Cette circonstance porta bonheur à notre aspirant. Dès que le commandant à qui il avait affaire fut fait contre-amiral, il le prit pour son aide-de-camp, en qualité d'enseigne de vaisseau.
Ce ne fut pas, cependant, sans quelque peine que notre nouvel aide-de-camp parvint à éviter avec son chef le renouvellement de la scène à laquelle il avait dû la faveur dont il jouissait près de lui.
Lorsque, seuls dans la galerie du vaisseau-amiral, il prenait fantaisie au vieux loup de mer d'entamer une partie de boxe avec le compagnon obligé de ses caprices, celui-ci ne trouvait moyen d'échapper au danger de la lutte qu'en prétextant une indisposition subite; et alors le général de s'écrier avec dépit:
—La belle acquisition que j'ai faite en vous prenant pour mon aide-de-camp! Je croyais m'être donné un bon luron, et ce n'est qu'une chiffe que toute la journée j'ai là en pendille devant moi!
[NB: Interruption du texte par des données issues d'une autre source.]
(* Let $n\ge 2$ and let $A=(a_{pq})\in\mathbb{R}^{n\times n}$ be the weighted adjacency matrix of a directed stem-bud network without self-loops, i.e., there is $y\in\{1,\dots,n-1\}$ such that $a_{pq}=0$ unless $(p,q)=(q+1,q)$ for some $q\in\{1,\dots,n-1\}$ or $(p,q)=(y,n)$ (this includes the directed line network, where also $a_{yn}=0$). Let $i_b\in\{1,\dots,n\}$, $b=e_{i_b}$, and let $T$ be a positive integer. Then the controllability Gramian $\mathcal{W}_{i_b}=\sum_{t=0}^{T-1}A^tbb^{\top}(A^t)^{\top}$ is a diagonal matrix.
   Context: $e_p$ denotes the $p$-th canonical unit vector in $\mathbb{R}^n$. In a directed stem-bud network the stem is the path $1\to2\to\cdots\to y$ and the bud is the cycle $y\to y+1\to\cdots\to n\to y$; the entry $a_{pq}$ is the weight of the edge $q\to p$. *)

From mathcomp Require Import all_boot all_order all_algebra.
From mathcomp Require Import reals.
Set Implicit Arguments. Unset Strict Implicit. Unset Printing Implicit Defensive.
Import GRing.Theory Num.Theory.
Local Open Scope ring_scope.

Fixpoint mxpow (R : pzRingType) (n : nat) (A : 'M[R]_n) (t : nat) : 'M[R]_n :=
  match t with
  | 0 => 1%:M
  | t'.+1 => A *m mxpow A t'
  end.

Definition gramian (R : pzRingType) (n : nat) (A : 'M[R]_n) (b : 'cV[R]_n)
  (T : nat) : 'M[R]_n :=
  \sum_(t < T) (mxpow A t *m b *m b^T *m (mxpow A t)^T).

Definition unitvec (R : pzRingType) (n : nat) (i : 'I_n) : 'cV[R]_n :=
  delta_mx i 0.

Definition is_diagonal (R : pzRingType) (n : nat) (M : 'M[R]_n) : Prop :=
  forall i j : 'I_n, i != j -> M i j = 0.

From mathcomp Require Import all_boot all_order all_algebra.
From mathcomp Require Import reals.
From mathcomp Require Import zify.
Local Open Scope ring_scope.
Import GRing.Theory.

Set Implicit Arguments.
Unset Strict Implicit.
Unset Printing Implicit Defensive.

(* In a stem-bud network every node has at most one out-neighbour, so each
   column of A has at most one nonzero entry.  Such a matrix maps a vector
   supported on a single coordinate to another one, hence every A^t b is
   supported on a single coordinate and every summand A^t b (A^t b)^T of the
   Gramian is diagonal. *)

Section SingleSupport.

Variables (R : pzRingType) (n : nat).

Definition single_support (v : 'cV[R]_n) : Prop :=
  exists k : 'I_n, forall i, i != k -> v i 0 = 0.

Definition col_single (A : 'M[R]_n) : Prop :=
  forall k i i' : 'I_n, A i k != 0 -> A i' k != 0 -> i = i'.

Lemma single_support_unitvec (i : 'I_n) : single_support (unitvec R i).
Proof. by exists i => j /negbTE nji; rewrite /unitvec mxE nji. Qed.

Lemma mulmx_single_support (A : 'M[R]_n) (v : 'cV[R]_n) :
  col_single A -> single_support v -> single_support (A *m v).
Proof.
move=> colA [k vk].
have Av i : (A *m v) i 0 = A i k * v k 0.
  rewrite mxE (bigD1 k) //= big1 ?addr0 // => j /vk ->.
  by rewrite mulr0.
have [i0 Ai0k | A_k0] := pickP (fun i => A i k != 0).
  exists i0 => i ni0; rewrite Av.
  have [-> | Aik] := eqVneq (A i k) 0; first by rewrite mul0r.
  by rewrite (colA _ _ _ Aik Ai0k) eqxx in ni0.
by exists k => i _; rewrite Av (eqP (negbFE (A_k0 i))) mul0r.
Qed.

Lemma single_support_mxpow (A : 'M[R]_n) (v : 'cV[R]_n) (t : nat) :
  col_single A -> single_support v -> single_support (mxpow A t *m v).
Proof.
move=> colA vS; elim: t => [|t IHt] /=; first by rewrite mul1mx.
by rewrite -mulmxA; apply: mulmx_single_support.
Qed.

Lemma single_support_outer_diag (v : 'cV[R]_n) :
  single_support v -> is_diagonal (v *m v^T).
Proof.
move=> [k vk] i j nij; rewrite mxE big_ord1 [v^T _ _]mxE.
case: (eqVneq i k) nij => [-> kj | nik _]; last by rewrite vk ?mul0r.
by rewrite (vk j) ?mulr0 // eq_sym.
Qed.

Lemma is_diagonal_sum (I : finType) (F : I -> 'M[R]_n) :
  (forall t, is_diagonal (F t)) -> is_diagonal (\sum_t F t).
Proof. by move=> Fdiag i j nij; rewrite summxE big1 // => t _; apply: Fdiag. Qed.

End SingleSupport.

Lemma gramian_single_support_diag (R : comPzRingType) (n : nat)
    (A : 'M[R]_n) (b : 'cV[R]_n) (T : nat) :
  col_single A -> single_support b -> is_diagonal (gramian A b T).
Proof.
move=> colA bS; apply: is_diagonal_sum => t.
rewrite -mulmxA -trmx_mul.
exact/single_support_outer_diag/single_support_mxpow.
Qed.

Lemma stem_bud_col_single (R : pzRingType) (n y : nat) (A : 'M[R]_n) :
  (forall i j : 'I_n, A i j != 0 ->
     (nat_of_ord i = (nat_of_ord j).+1) \/
     (nat_of_ord i = y.-1 /\ nat_of_ord j = n.-1)) ->
  col_single A.
Proof.
move=> hA k i i' Aik Ai'k; apply: val_inj => /=.
move: (hA _ _ Aik) (hA _ _ Ai'k) (ltn_ord i) (ltn_ord i'); lia.
Qed.

Theorem proposition4p1 (R : realType) (n : nat) (hn : (2 <= n)%N)
  (A : 'M[R]_n) (y : nat) (hy1 : (1 <= y)%N) (hy2 : (y <= n - 1)%N)
  (hA : forall i j : 'I_n, A i j != 0 ->
          (nat_of_ord i = (nat_of_ord j).+1) \/
          (nat_of_ord i = y.-1 /\ nat_of_ord j = n.-1))
  (ib : 'I_n) (T : nat) (hT : (0 < T)%N) :
  is_diagonal (gramian A (unitvec R ib) T).
Proof.
apply: gramian_single_support_diag.
- exact: stem_bud_col_single hA.
- exact: single_support_unitvec.
Qed.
—Que voulez-vous, mon général! on ne conserve pas toujours sa force, comme vous avez eu le bonheur de le faire, vous. Ce n'est pas ma faute si je suis aussi souvent malade à présent.
—Malade! malade! Vous n'étiez pas malade le jour où, dans votre chaloupe, vous m'avez donné une si bonne raclée!
—Quoi! général, vous auriez encore, depuis le temps, cette petite pile sur le cœur!
—Peste! vous appelez cela une petite pile! vous êtes bigrement modeste, vous. Mais, ce qui me fait enrager, c'est de n'avoir pu encore vous la rendre, et vous payer votre arriéré en détail. Aussi, pourquoi êtes-vous toujours indisposé quand il faut en découdre, et vous portez-vous toujours si bien lorsqu'il s'agit de boire ou de manger? Mais, il n'y a pas de bon Dieu! vous ou un autre, il faut que je me dérouille sur le dos de quelque bon lapin; et si vous ne pouvez pas faire mon affaire vous-même, je vous avertis qu'il faut que vous me trouviez quelque solide carcasse à qui je puisse faire payer cher le jeûne auquel votre mollesse me condamne depuis si long-temps.
Cet ordre du général devint un trait de lumière pour l'aide-de-camp, qui entrevit dès lors qu'il pourrait lui être facile de satisfaire son supérieur, sans s'exposer au danger de le battre ou à l'inconvénient d'être battu par lui.
Il existait à bord du vaisseau un gros et large canonnier d'artillerie de marine, réputé dans tout l'équipage pour l'énormité de sa force animale. L'aide-de-camp prévoyant tout le parti qu'il pourrait tirer de cette espèce de buffle humain, le fit appeler un jour que le général paraissait disposé à se donner une classique peignée.